Младший принц опустил руку и нахмурился.
— Что ты имеешь в виду?
— Хайдеки? Он — демон или что-то похуже демона. Ты мал был, не помнишь, а я-то почти уверен, что настоящему Хайдеки не удалось бежать к своим прекрасным друзья-лемурам. Он был толстый, одышливый парень, почти, как я, а корабль стоял в роще Инари за городом, в пяти ри от дворца. За Хайдеки неслась толпа с камнями… Говорят, труп выловили из реки… Я плохо помню.
— Его узнали многие…
— Конечно, узнали. Лемуры — все как один чародеи и оборотни.

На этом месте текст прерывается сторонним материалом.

Lemma sum_refine_value_step L : uniq L ->
  \sum_(rs <- L) refine_value m a c rs <= a * return_prob m + c * (1 - return_prob m).
Proof.
move=> uL; rewrite (sum_by_head _ (refine_value_nil m a c)).
set first := fun r => if (r < K)%N then next_value m a c r / KR else 0.
apply: le_trans (_ : \sum_(r <- iota 0 K) first r <= _).
  apply: le_trans (ler_sum _ (fun r _ => sum_refine_value_first_draw r (behead_fiber_uniq r uL))) _.
  apply: ler_sum_support; rewrite ?uniq_pmap_undup ?iota_uniq // => r.
    by rewrite /first; case: ifP => // _; rewrite divr_ge0 ?ler0n ?next_value_ge0.
  by rewrite mem_iota add0n /first leq0n /= => /negbTE ->.
rewrite (eq_big_seq (fun r => next_value m a c r / KR)) => [|r]; last first.
  by rewrite mem_iota add0n /first => /andP[_ ->].
by rewrite -mulr_suml sum_next_value mulrC mulKf ?lt0r_neq0 ?KR_gt0.
Qed.

End FirstDraw.

Lemma sum_refine_value_le m a c L : (0 < b)%N -> 0 <= a -> 0 <= c -> uniq L ->
  \sum_(rs <- L) refine_value m a c rs <= a * return_prob m + c * (1 - return_prob m).
Proof.
(* Once the exponent [refine_exp] is nonnegative the loop stops for good. *)
move=> b_gt0 a0 c0; have [k] : exists k, (absz (lo + i%:Z + G)%R <= m + k)%N.
  by exists (absz (lo + i%:Z + G)%R); rewrite leq_addl.
elim: k m L => [|k IH] m L hk uL; apply: sum_refine_value_step => // e_lt0.
  by move: e_lt0; rewrite ltNge refine_exp_ge0 // -(addn0 m).
by move=> L' uL'; apply: IH; rewrite // addSnnS.
Qed.

End Refinement.

Section Levels.
Variables (R : realType) (lo G : int) (S : nat -> seq nat).

Local Notation Aof := (Aof R lo G S).
Local Notation scan := (scan R lo G S).

(* Level [i] owns [slots i] consecutive values of the uniform draw [x]. *)
Definition slots (i : nat) : nat := `|Aof i|%N.

Lemma Aof_ge0 i : 0 <= Aof i.
Proof. by rewrite /Aof; case: ifP => // _; rewrite addr_ge0 // floor_ge0 mulr_ge0 ?exprz_ge0. Qed.

Lemma Aof_slots i : Aof i = (slots i)%:Z.
Proof. by rewrite gez0_abs ?Aof_ge0. Qed.

Lemma slots_gt0 i : (0 < slots i)%N = (0 < SS S i)%N.
Proof.
rewrite -ltz_nat -Aof_slots /Aof; case: ifP => // _.
by rewrite ltzD1 floor_ge0 mulr_ge0 ?exprz_ge0.
Qed.

Lemma scan_shift k x : 0 < x -> scan k.+1 ((slots k)%:Z + x) = scan k x.
Proof.
move=> x_gt0; rewrite /= Aof_slots ltNge lerDl (ltW x_gt0) /= gt_eqF ?ltrDl //.
by rewrite [_ - _]addrC addKr.
Qed.

Definition outcome_value (u : R) (v : nat -> R) (o : scan_res) : R :=
  match o with SReturn _ => u | SBoundary i => v i | SFail => 0 end.

Lemma sum_scan_outcomes k u v :
  \sum_(j <- iota 0 (\sum_(i < k) slots i)) outcome_value u v (scan k j.+1%:Z) =
  \sum_(i < k) (if (0 < SS S i)%N then (slots i).-1%:R * u + v i else 0).
Proof.
elim: k => [|k IH]; first by rewrite !big_ord0 big_nil.
have -> : (\sum_(i < k.+1) slots i = slots k + \sum_(i < k) slots i)%N.
  by rewrite big_ord_recr addnC.
rewrite [RHS]big_ord_recr -IH iotaD big_cat add0n [LHS]addrC; congr (_ + _).
  rewrite -{1}(addn0 (slots k)) iotaDl big_map; apply: eq_bigr => j _.
  by rewrite -addnS PoszD scan_shift.
rewrite -slots_gt0; case: (posnP (slots k)) => [->|a_gt0]; first by rewrite big_nil.
rewrite (eq_big_seq (fun j => if (j < (slots k).-1)%N then u
                              else if j == (slots k).-1 then v k else 0)); last first.
  move=> j; rewrite mem_iota add0n /= => hj; rewrite Aof_slots ltz_nat eqz_nat.
  have -> : (j.+1 < slots k)%N = (j < (slots k).-1)%N by lia.
  have -> : (j.+1 == slots k) = (j == (slots k).-1) by apply/eqP/eqP; lia.
  by case: ltngtP => // h; lia.
by rewrite sum_iota_lt_eq_gt ?prednK // subnn mul0r addr0.
Qed.

End Levels.

Section Iteration.
Variables (R : realType) (b N : nat) (lo G : int) (S : nat -> seq nat).
Hypothesis b_gt0 : (0 < b)%N.

Local Notation iter_out := (iter_out R b N lo G S).
Local Notation iter_prob := (iter_prob R b N lo G S).
Local Notation slots := (slots R lo G S).
Local Notation A := (Atot R N lo G S).
Local Notation AR := (A%:~R : R).
Local Notation rho i := (return_prob R b lo G S i 1).
Local Notation nonempty i := (0 < SS S i)%N.

Lemma Atot_ge0 : 0 <= A.
Proof. by rewrite sumr_ge0 // => i _; rewrite Aof_ge0. Qed.

Lemma Atot_slots : A = (\sum_(i < N) slots i)%N%:Z.
Proof.
rewrite /Atot; elim/big_rec2: _ => // i z n _ ->.
by rewrite Aof_slots PoszD.
Qed.

Lemma slots_return_prob i : nonempty i ->
  (slots i).-1%:R + rho i = (SS S i)%:R * (2 : R) ^ (lo + i%:Z + G).
Proof.
move=> SS_gt0; rewrite return_probS /fracr /shifted_weight /refine_exp (mul0n b) addr0.
have -> : Num.floor ((SS S i)%:R * (2 : R) ^ (lo + i%:Z + G)) = (slots i).-1%:Z.
  apply: (addIr 1); rewrite -PoszD addn1 prednK ?slots_gt0 //.
  by rewrite -Aof_slots /Aof SS_gt0.
rewrite -pmulrn; lra.
Qed.

Definition iter_returns it := if iter_out it is Some (true, _) then true else false.
Definition iter_abandons it := if iter_out it is Some (false, _) then true else false.
Definition iter_hits it : nat := if iter_out it is Some (_, h) then h else 0%N.

Lemma iter_returns_abandons it : iter_returns it -> iter_abandons it = false.
Proof. by rewrite /iter_returns /iter_abandons; case: iter_out => [[[]]|]. Qed.

(* [iter_value 1 1 0] is the probability of completing an iteration; [iter_value 0 V 1]
   charges one unit per boundary hit plus [V] per abandoned iteration, which is what one
   step of the bound [H <= V] on the expected number of hits needs. *)
Definition iter_value (a c g : R) it : R := iter_prob it *
  (a * (iter_returns it)%:R + c * (iter_abandons it)%:R + g * (iter_hits it)%:R).

Definition level_value (a c g : R) (i : nat) : R := a * rho i + c * (1 - rho i) + g.

Lemma iter_valueE a c g x rs : iter_value a c g (x, rs) =
  if (1 <= x <= A) then AR^-1 *
    match scan R lo G S N x with
    | SReturn _ => a * (rs == [::])%:R
    | SBoundary i => refine_value b lo G S i 1 (a + g) (c + g) rs
    | SFail => 0
    end
  else 0.
Proof.
rewrite /iter_value /iter_returns /iter_abandons /iter_hits /=.
case: ifP => _; last by rewrite !mulr0 !addr0 mulr0.
rewrite -mulrA; congr (_ * _); case: (scan _ _ _ _ _ _) => [j|i|] /=.
- by case: rs => [|r rs] /=; rewrite ?(mulr0, mulr1, addr0, expr0, invr1, mul1r).
- rewrite /refine_value; case: (refine _ _ _ _ _ _ _ _) => [[]|] /=;
    rewrite ?(mulr0, mulr1, addr0, add0r) //.
- by rewrite !mulr0 !addr0 mulr0.
Qed.

Section Weights.
Variables a c g : R.
Hypotheses (a_ge0 : 0 <= a) (c_ge0 : 0 <= c) (g_ge0 : 0 <= g).

Lemma level_value_ge0 i : 0 <= level_value a c g i.
Proof.
by rewrite !addr_ge0 // mulr_ge0 // ?return_prob_ge0 // subr_ge0 return_prob_le1.
Qed.

Definition outcome_bound (x : int) : R :=
  if (1 <= x <= A) then AR^-1 * outcome_value a (level_value a c g) (scan R lo G S N x) else 0.

Lemma sum_iter_value_fiber x L : uniq L ->
  \sum_(rs <- L) iter_value a c g (x, rs) <= outcome_bound x.
Proof.
move=> uL; under eq_bigr do rewrite iter_valueE.
rewrite /outcome_bound; case: ifP => _; last by rewrite big1.
rewrite -mulr_sumr ler_wpM2l ?invr_ge0 ?ler0z ?Atot_ge0 //.
case: (scan _ _ _ _ _ _) => [j|i|] /=; last by rewrite big1.
  by rewrite -mulr_sumr -[X in _ <= X]mulr1 ler_wpM2l ?sum_eq_le1.
apply: le_trans (@sum_refine_value_le R b lo G S i 1 (a + g) (c + g) L b_gt0 _ _ uL) _;
  rewrite ?addr_ge0 //.
by rewrite /level_value le_eqVlt; apply/orP; left; apply/eqP; ring.
Qed.

Lemma outcome_bound_ge0 x : 0 <= outcome_bound x.
Proof.
rewrite /outcome_bound; case: ifP => // _.
rewrite mulr_ge0 ?invr_ge0 ?ler0z ?Atot_ge0 //.
by case: (scan _ _ _ _ _ _) => [j|i|] //=; rewrite level_value_ge0.
Qed.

Даже если его и не убили тогда… Я послал шестерых закончить дело, шестерых отборных бойцов, сам Отец Якудза клялся мне, что нету их лучше. А двое из них были сведущи в тайном искусстве…
Дайдзиро сделалось неловко. Ясно вспомнились слова Моносумато там, на закате, в беседке: «Это будет совершенно напрасной потерей тренированных кадров». Хайдеки знал уже тогда, знал и ничего не сделал… был твердо уверен в своей неуязвимости?
— Слушай еще, — пропыхтел Его Сиятельство. — Из посольства, из проклятого дома Хайдо ни один человек не вышел и не вошел, все двери сторожат мои стрелки. А в саду перед домом не раз и не два видели серого шакала — покрутится тварь и нырнет в переулок. Я приказал стрелять, но то ли в сумерках стрелки мажут, то ли на этого зверя надо отлить серебряные пули… И в саду Большого Дворца видели того же шакала. Что он там ищет? И у тебя, в Малом…
— Ты следишь за Малым Дворцом?
Дайдзиро произнес это немного слишком резко, но брат не обратил внимания на его тон. Махнул пухлой ладонью.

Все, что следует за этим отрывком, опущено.